(Material supplied begins)

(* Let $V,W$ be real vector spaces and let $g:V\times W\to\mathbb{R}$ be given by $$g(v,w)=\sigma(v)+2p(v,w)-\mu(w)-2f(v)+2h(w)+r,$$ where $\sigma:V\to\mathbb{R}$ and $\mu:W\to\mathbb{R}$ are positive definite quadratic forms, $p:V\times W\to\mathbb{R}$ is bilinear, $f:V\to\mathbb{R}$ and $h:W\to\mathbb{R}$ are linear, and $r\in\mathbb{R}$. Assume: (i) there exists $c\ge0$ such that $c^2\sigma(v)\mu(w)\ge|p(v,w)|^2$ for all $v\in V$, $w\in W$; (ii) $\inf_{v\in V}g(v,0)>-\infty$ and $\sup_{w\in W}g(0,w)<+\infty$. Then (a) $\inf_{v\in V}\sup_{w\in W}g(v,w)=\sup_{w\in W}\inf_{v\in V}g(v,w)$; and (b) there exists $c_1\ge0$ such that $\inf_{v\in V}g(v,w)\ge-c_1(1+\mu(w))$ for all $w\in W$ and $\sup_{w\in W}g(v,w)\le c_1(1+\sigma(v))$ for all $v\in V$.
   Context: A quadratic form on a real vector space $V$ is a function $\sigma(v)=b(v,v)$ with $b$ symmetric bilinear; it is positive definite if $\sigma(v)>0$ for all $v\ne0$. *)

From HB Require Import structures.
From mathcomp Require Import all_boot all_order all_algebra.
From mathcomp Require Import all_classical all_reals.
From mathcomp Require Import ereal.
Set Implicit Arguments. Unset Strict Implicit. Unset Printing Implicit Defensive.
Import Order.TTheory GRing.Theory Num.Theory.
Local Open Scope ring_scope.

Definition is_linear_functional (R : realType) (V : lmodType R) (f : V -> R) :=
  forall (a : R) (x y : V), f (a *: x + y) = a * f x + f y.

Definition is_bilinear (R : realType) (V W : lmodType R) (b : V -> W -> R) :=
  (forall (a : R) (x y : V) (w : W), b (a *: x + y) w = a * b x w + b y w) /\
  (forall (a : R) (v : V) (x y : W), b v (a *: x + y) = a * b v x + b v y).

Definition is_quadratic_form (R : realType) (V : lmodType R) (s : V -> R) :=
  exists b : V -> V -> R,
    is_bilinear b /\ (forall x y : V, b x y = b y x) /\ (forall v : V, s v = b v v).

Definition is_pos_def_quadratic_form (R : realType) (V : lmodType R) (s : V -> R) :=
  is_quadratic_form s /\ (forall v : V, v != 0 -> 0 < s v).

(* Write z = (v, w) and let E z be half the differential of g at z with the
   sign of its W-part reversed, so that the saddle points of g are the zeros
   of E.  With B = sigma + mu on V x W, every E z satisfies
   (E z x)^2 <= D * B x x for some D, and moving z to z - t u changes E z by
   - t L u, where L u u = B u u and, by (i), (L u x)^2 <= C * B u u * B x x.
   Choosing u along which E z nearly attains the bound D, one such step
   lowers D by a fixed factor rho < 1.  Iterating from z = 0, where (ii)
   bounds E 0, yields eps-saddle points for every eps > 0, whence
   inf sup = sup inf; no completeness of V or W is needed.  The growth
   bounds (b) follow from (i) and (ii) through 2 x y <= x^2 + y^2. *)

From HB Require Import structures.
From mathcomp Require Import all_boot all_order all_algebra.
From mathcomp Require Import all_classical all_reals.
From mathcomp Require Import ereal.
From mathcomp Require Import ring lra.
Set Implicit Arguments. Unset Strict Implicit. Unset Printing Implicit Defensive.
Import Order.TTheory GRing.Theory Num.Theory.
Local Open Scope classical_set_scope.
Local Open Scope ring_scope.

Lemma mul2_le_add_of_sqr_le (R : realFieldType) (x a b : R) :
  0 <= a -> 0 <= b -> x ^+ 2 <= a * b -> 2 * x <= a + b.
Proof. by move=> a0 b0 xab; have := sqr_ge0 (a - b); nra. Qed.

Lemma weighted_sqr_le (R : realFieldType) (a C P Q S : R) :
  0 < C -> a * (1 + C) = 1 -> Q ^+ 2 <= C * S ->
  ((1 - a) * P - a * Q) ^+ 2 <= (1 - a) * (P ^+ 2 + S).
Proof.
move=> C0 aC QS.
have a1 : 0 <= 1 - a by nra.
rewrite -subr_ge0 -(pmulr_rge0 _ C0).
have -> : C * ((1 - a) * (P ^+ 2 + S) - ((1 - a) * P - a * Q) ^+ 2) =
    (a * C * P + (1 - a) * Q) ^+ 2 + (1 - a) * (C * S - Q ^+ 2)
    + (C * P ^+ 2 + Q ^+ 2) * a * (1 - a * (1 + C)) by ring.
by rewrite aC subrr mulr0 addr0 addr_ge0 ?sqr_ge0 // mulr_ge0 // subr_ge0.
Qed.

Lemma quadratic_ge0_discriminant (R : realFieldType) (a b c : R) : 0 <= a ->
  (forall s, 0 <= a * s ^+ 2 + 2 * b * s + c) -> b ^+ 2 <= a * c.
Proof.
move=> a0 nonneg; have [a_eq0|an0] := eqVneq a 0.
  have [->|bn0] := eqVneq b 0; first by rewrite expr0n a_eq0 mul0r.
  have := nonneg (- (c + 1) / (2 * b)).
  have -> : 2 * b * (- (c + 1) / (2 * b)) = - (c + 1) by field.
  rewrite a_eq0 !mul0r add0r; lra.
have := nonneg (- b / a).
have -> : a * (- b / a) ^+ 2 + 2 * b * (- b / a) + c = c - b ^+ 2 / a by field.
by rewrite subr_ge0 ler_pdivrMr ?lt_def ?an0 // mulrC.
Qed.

(Material supplied ends)

- [Exercise details]:
In the entries above, the lines between the one holding "is_quadratic_form s /\" and the one holding "Lemma quadratic_ge0_discriminant (R", inclusive, are to be printed exactly as written, and those alone.

- [Answer space]:
  is_quadratic_form s /\ (forall v : V, v != 0 -> 0 < s v).

(* Write z = (v, w) and let E z be half the differential of g at z with the
   sign of its W-part reversed, so that the saddle points of g are the zeros
   of E.  With B = sigma + mu on V x W, every E z satisfies
   (E z x)^2 <= D * B x x for some D, and moving z to z - t u changes E z by
   - t L u, where L u u = B u u and, by (i), (L u x)^2 <= C * B u u * B x x.
   Choosing u along which E z nearly attains the bound D, one such step
   lowers D by a fixed factor rho < 1.  Iterating from z = 0, where (ii)
   bounds E 0, yields eps-saddle points for every eps > 0, whence
   inf sup = sup inf; no completeness of V or W is needed.  The growth
   bounds (b) follow from (i) and (ii) through 2 x y <= x^2 + y^2. *)

From HB Require Import structures.
From mathcomp Require Import all_boot all_order all_algebra.
From mathcomp Require Import all_classical all_reals.
From mathcomp Require Import ereal.
From mathcomp Require Import ring lra.
Set Implicit Arguments. Unset Strict Implicit. Unset Printing Implicit Defensive.
Import Order.TTheory GRing.Theory Num.Theory.
Local Open Scope classical_set_scope.
Local Open Scope ring_scope.

Lemma mul2_le_add_of_sqr_le (R : realFieldType) (x a b : R) :
  0 <= a -> 0 <= b -> x ^+ 2 <= a * b -> 2 * x <= a + b.
Proof. by move=> a0 b0 xab; have := sqr_ge0 (a - b); nra. Qed.

Lemma weighted_sqr_le (R : realFieldType) (a C P Q S : R) :
  0 < C -> a * (1 + C) = 1 -> Q ^+ 2 <= C * S ->
  ((1 - a) * P - a * Q) ^+ 2 <= (1 - a) * (P ^+ 2 + S).
Proof.
move=> C0 aC QS.
have a1 : 0 <= 1 - a by nra.
rewrite -subr_ge0 -(pmulr_rge0 _ C0).
have -> : C * ((1 - a) * (P ^+ 2 + S) - ((1 - a) * P - a * Q) ^+ 2) =
    (a * C * P + (1 - a) * Q) ^+ 2 + (1 - a) * (C * S - Q ^+ 2)
    + (C * P ^+ 2 + Q ^+ 2) * a * (1 - a * (1 + C)) by ring.
by rewrite aC subrr mulr0 addr0 addr_ge0 ?sqr_ge0 // mulr_ge0 // subr_ge0.
Qed.

Lemma quadratic_ge0_discriminant (R : realFieldType) (a b c : R) : 0 <= a ->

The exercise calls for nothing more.